Please count how many lines in the entries below contain "Implicit" and reply with the figure alone.

━━━━━━━━━━━━━━━━━━━━

(* Let $0<\varepsilon<1$. For $n,k\in\mathbb N$ with $k$ even and $k<n$, define $K_i=\{\frac{i-1}2k,\dots,\frac i2k-1\}$ for $i=1,\dots,\lceil 2n/k\rceil-1$ and $K_{\lceil2n/k\rceil}=\{\frac{\lceil2n/k\rceil-1}{2}k,\dots,n-1\}$; for $S\subset n^*=\{0,\dots,n-1\}$ let $B(S)=\operatorname{card}\{i:S\cap K_i\neq\emptyset\}$, and let $\mathcal B(n,k,\varepsilon)=\{S\subset n^*:B(S)\le(2n/k)(1-\varepsilon)\}$. Then there exists an even $k\in\mathbb N$ such that $\lim_{n\to\infty}\operatorname{card}(\mathcal B(n,k,\varepsilon))/2^n=0$. *)

From HB Require Import structures.
From mathcomp Require Import all_boot all_order all_algebra.
From mathcomp Require Import all_classical all_reals all_analysis.
Set Implicit Arguments. Unset Strict Implicit. Unset Printing Implicit Defensive.
Import Order.TTheory GRing.Theory Num.Theory.
Local Open Scope ring_scope.

Definition nblocks (n k : nat) : nat := ((2 * n + k - 1) %/ k)%N.

(* K_i for 1 <= i <= nblocks n k, as a subset of n^* = 'I_n.
   K_i = {(i-1)k/2, ..., ik/2 - 1} for i < nblocks,
   K_last = {(nblocks-1)k/2, ..., n-1}. (k even, so k/2 = k./2) *)
Definition Kblock (n k i : nat) : {set 'I_n} :=
  if (i < nblocks n k)%N then
    [set j : 'I_n | ((i.-1 * k./2 <= j) && (j < i * k./2))%N]
  else [set j : 'I_n | ((nblocks n k).-1 * k./2 <= j)%N].

Definition Bcount (n k : nat) (S : {set 'I_n}) : nat :=
  #|[set i : 'I_(nblocks n k).+1 | (0 < i)%N && (S :&: Kblock n k i != finset.set0)]|.

Definition Bfam (R : realType) (n k : nat) (eps : R) : {set {set 'I_n}} :=
  [set S : {set 'I_n} |
     (Bcount k S)%:R <= (2 * n)%:R / k%:R * (1 - eps)].

From HB Require Import structures.
From mathcomp Require Import all_boot all_order all_algebra.
From mathcomp Require Import all_classical all_reals all_analysis.
From mathcomp Require Import zify ring lra.
Import Order.TTheory GRing.Theory Num.Theory.
Import numFieldNormedType.Exports.
Set Implicit Arguments.
Unset Strict Implicit.
Unset Printing Implicit Defensive.

Local Open Scope ring_scope.

(* Take k = 2h, so that there are m = ceil(n/h) blocks, each of size h (the
   last one at most h).  A set S is contained in the union of the blocks it
   meets, so the sets with a prescribed set T of met blocks number at most
   2^(h|T|).  For S in B(n,2h,eps) we have h|T| <= (1-eps) n, and once
   eps h >= 2 this is at most n - 2(m-1).  Summing over the 2^(m+1) choices of
   T gives card B(n,2h,eps) <= 8 * 2^n / 2^m <= 8h * 2^n / n. *)

Lemma card_setsT (T : finType) : #|{set T}| = (2 ^ #|T|)%N.
Proof. by have := card_powerset [set: T]; rewrite powersetT !cardsT. Qed.

Section Blocks.

Variables (n h : nat).
Hypothesis h_gt0 : (0 < h)%N.

Local Notation m := (nblocks n h.*2).

Lemma leq_nblocks_double : (n <= m * h)%N.
Proof. rewrite /nblocks; lia. Qed.

Lemma nblocks_double_pred : (m.-1 * h <= n)%N.
Proof. rewrite /nblocks; lia. Qed.

Lemma ltn_block_index (j : 'I_n) : (j %/ h < m)%N.
Proof.
by rewrite ltn_divLR //; apply: leq_trans (ltn_ord j) leq_nblocks_double.
Qed.

Definition block_of (j : 'I_n) : 'I_m.+1 := inord (j %/ h).+1.

Lemma block_ofE (j : 'I_n) : block_of j = (j %/ h).+1 :> nat.
Proof. by rewrite inordK // ltnS ltn_block_index. Qed.

Lemma mem_Kblock_block_of (j : 'I_n) : j \in Kblock n h.*2 (block_of j).
Proof.
have := divn_eq j h; have := ltn_pmod j h_gt0; have := ltn_block_index j.
by rewrite /Kblock block_ofE doubleK; case: ifP; rewrite inE /=; nia.
Qed.

Lemma block_of_inj (i j : 'I_n) :
  block_of i = block_of j -> (i %% h = j %% h)%N -> i = j.
Proof.
move=> /(congr1 (@nat_of_ord _)); rewrite !block_ofE => -[eq_div] eq_mod.
by apply: val_inj; rewrite /= (divn_eq i h) (divn_eq j h) eq_div eq_mod.
Qed.

Definition met_blocks (S : {set 'I_n}) : {set 'I_m.+1} :=
  [set i : 'I_m.+1 | (0 < i)%N && (S :&: Kblock n h.*2 i != finset.set0)].

Lemma card_met_blocks (S : {set 'I_n}) : #|met_blocks S| = Bcount h.*2 S.
Proof. by []. Qed.

Definition block_cover (T : {set 'I_m.+1}) : {set 'I_n} :=
  [set j : 'I_n | block_of j \in T].

Lemma sub_block_cover_met (S : {set 'I_n}) : S \subset block_cover (met_blocks S).
Proof.
apply/fintype.subsetP => j jS; rewrite !inE; apply/andP; split.
  by rewrite block_ofE.
by apply/set0Pn; exists j; rewrite inE jS mem_Kblock_block_of.
Qed.

Lemma card_block_cover (T : {set 'I_m.+1}) : (#|block_cover T| <= h * #|T|)%N.
Proof.
pose code (j : 'I_n) := (block_of j, Ordinal (ltn_pmod j h_gt0)).
have code_inj : injective code by move=> i j [/block_of_inj]; apply.
have -> : (h * #|T| = #|finset.setX T [set: 'I_h]|)%N.
  by rewrite cardsX cardsT card_ord mulnC.
rewrite -(card_imset _ code_inj).
apply/subset_leq_card/fintype.subsetP => _ /imsetP[j + ->].
by rewrite !inE => ->.
Qed.

Lemma card_met_blocks_eq (T : {set 'I_m.+1}) :
  (#|[set S | met_blocks S == T]| <= 2 ^ (h * #|T|))%N.
Proof.
apply: leq_trans (leq_pexp2l _ (card_block_cover T)) => //.
rewrite -card_powerset; apply/subset_leq_card/fintype.subsetP => S.
by rewrite !inE => /eqP <-; apply: sub_block_cover_met.
Qed.

Lemma card_subsets_met_small (c : nat) :
  (#|[set S | (h * #|met_blocks S| <= c)%N]| <= 2 ^ m.+1 * 2 ^ c)%N.
Proof.
rewrite -sum1_card (partition_big met_blocks (fun T => h * #|T| <= c)%N) /=;
  last by move=> S; rewrite inE.
apply: (@leq_trans (\sum_(T : {set 'I_m.+1}) 2 ^ c)); last first.
  by rewrite sum_nat_const card_setsT card_ord.
rewrite big_mkcond; apply: leq_sum => T _; case: ifP => // small_T.
apply: leq_trans (leq_trans (card_met_blocks_eq T) (leq_pexp2l _ small_T)) => //.
rewrite sum1dep_card; apply/subset_leq_card/fintype.subsetP => S.
by rewrite !inE => /andP[].
Qed.

End Blocks.

(* The bound on B is 8 * 2^n / 2^m, and m <= 2^(m-1). *)
Lemma leq_mul_exp2_subn (B n m : nat) :
  (B <= 2 ^ m.+1 * 2 ^ (n - 2 * m.-1))%N -> (2 * m.-1 <= n)%N ->
  (B * m <= 4 * 2 ^ n)%N.
Proof.
case: m => [|m] /=; first by move=> *; rewrite muln0.
move=> le_B /subnKC <-; set e := (n - 2 * m)%N in le_B *.
have : (m < 2 ^ m)%N by apply: ltn_expl.
move: le_B; rewrite !expnS expnD mul2n -addnn !expnD expn0 muln1.
set x := (2 ^ m)%N; set y := (2 ^ e)%N; nia.
Qed.

Section BlockFamily.

Variables (R : realType) (eps : R) (n h : nat).
Hypotheses (h_gt0 : (0 < h)%N) (h_eps : 2 <= h%:R * eps).

Local Notation m := (nblocks n h.*2).

Lemma Bfam_double_met_blocks (S : {set 'I_n}) :
  S \in Bfam n h.*2 eps -> (h * #|met_blocks h S| + 2 * m.-1 <= n)%N.
Proof.
rewrite inE -card_met_blocks => le_B.
have hR : (0 : R) < h%:R by rewrite ltr0n.
have le_hB : h%:R * #|met_blocks h S|%:R <= n%:R * (1 - eps) :> R.
  have -> : n%:R * (1 - eps) = h%:R * ((2 * n)%:R / (h.*2)%:R * (1 - eps)) :> R.
    by rewrite -muln2 !natrM; field; rewrite gt_eqF.
  by rewrite ler_pM2l.
have le_mh : (m.-1)%:R * h%:R <= n%:R :> R.
  by rewrite -natrM ler_nat nblocks_double_pred.
have eps_gt0 : 0 < eps.
  by rewrite -(pmulr_rgt0 _ hR); apply: lt_le_trans h_eps.
have le_m2 : 2 * (m.-1)%:R <= n%:R * eps :> R.
  have := ler_wpM2r (ltW eps_gt0) le_mh.
  have := ler_wpM2l (ler0n R m.-1) h_eps.
  lra.
rewrite -(ler_nat R) natrD !natrM; lra.
Qed.

Lemma card_Bfam_double :
  (#|Bfam n h.*2 eps| <= 2 ^ m.+1 * 2 ^ (n - 2 * m.-1))%N.
Proof.
apply: leq_trans (card_subsets_met_small n h_gt0 _); apply/subset_leq_card.
apply/fintype.subsetP => S /Bfam_double_met_blocks le_S; rewrite inE.
by rewrite leq_subRL // (leq_trans _ le_S) ?leq_addl // addnC.
Qed.

Lemma card_Bfam_double_mulS : (#|Bfam n h.*2 eps| * n.+1 <= 8 * h * 2 ^ n)%N.
Proof.
have [->|[S /Bfam_double_met_blocks le_S]] := set_0Vmem (Bfam n h.*2 eps).
  by rewrite cards0.
have le_Bm := leq_mul_exp2_subn card_Bfam_double (leq_trans (leq_addl _ _) le_S).
have le_B : (#|Bfam n h.*2 eps| <= 2 ^ n)%N.
  by rewrite -[n in (2 ^ n)%N]card_ord -card_setsT max_card.
have := leq_nblocks_double n h_gt0; nia.
Qed.

End BlockFamily.

Local Open Scope classical_set_scope.

Theorem lemma3p2 (R : realType) (eps : R) :
  0 < eps -> eps < 1 ->
  exists k : nat, [/\ ~~ odd k, (0 < k)%N &
    (fun n : nat => (#|Bfam n k eps|%:R / (2 ^ n)%:R : R)) @ \oo --> (0 : R)].
Proof.
move=> eps_gt0 _.
pose h := Num.Def.archi_bound (2 / eps).
have lt_h : 2 / eps < h%:R by apply/archi_boundP/ltW; rewrite divr_gt0.
have h_gt0 : (0 < h)%N.
  by rewrite -(ltr0n R); apply: le_lt_trans lt_h; rewrite divr_ge0 ?ltW.
have h_eps : 2 <= h%:R * eps by rewrite -ler_pdivrMr // ltW.
exists h.*2; split; [by rewrite odd_double | by rewrite double_gt0 |].
apply: (@squeeze_cvgr _ _ _ _ (fun=> 0) (fun n => (8 * h)%:R * harmonic n)).
- apply: nearW => n /=; rewrite divr_ge0 //= ler_pdivrMr ?ltr0n ?expn_gt0 //.
  rewrite mulrAC ler_pdivlMr ?ltr0n // -!natrM ler_nat.
  exact: card_Bfam_double_mulS.
- exact: cvg_cst.
- by rewrite -(mulr0 (8 * h)%:R); apply: cvgMl_tmp; apply: cvg_harmonic.
Qed.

━━━━━━━━━━━━━━━━━━━━

### SOLUTION TO THE PROBLEM
4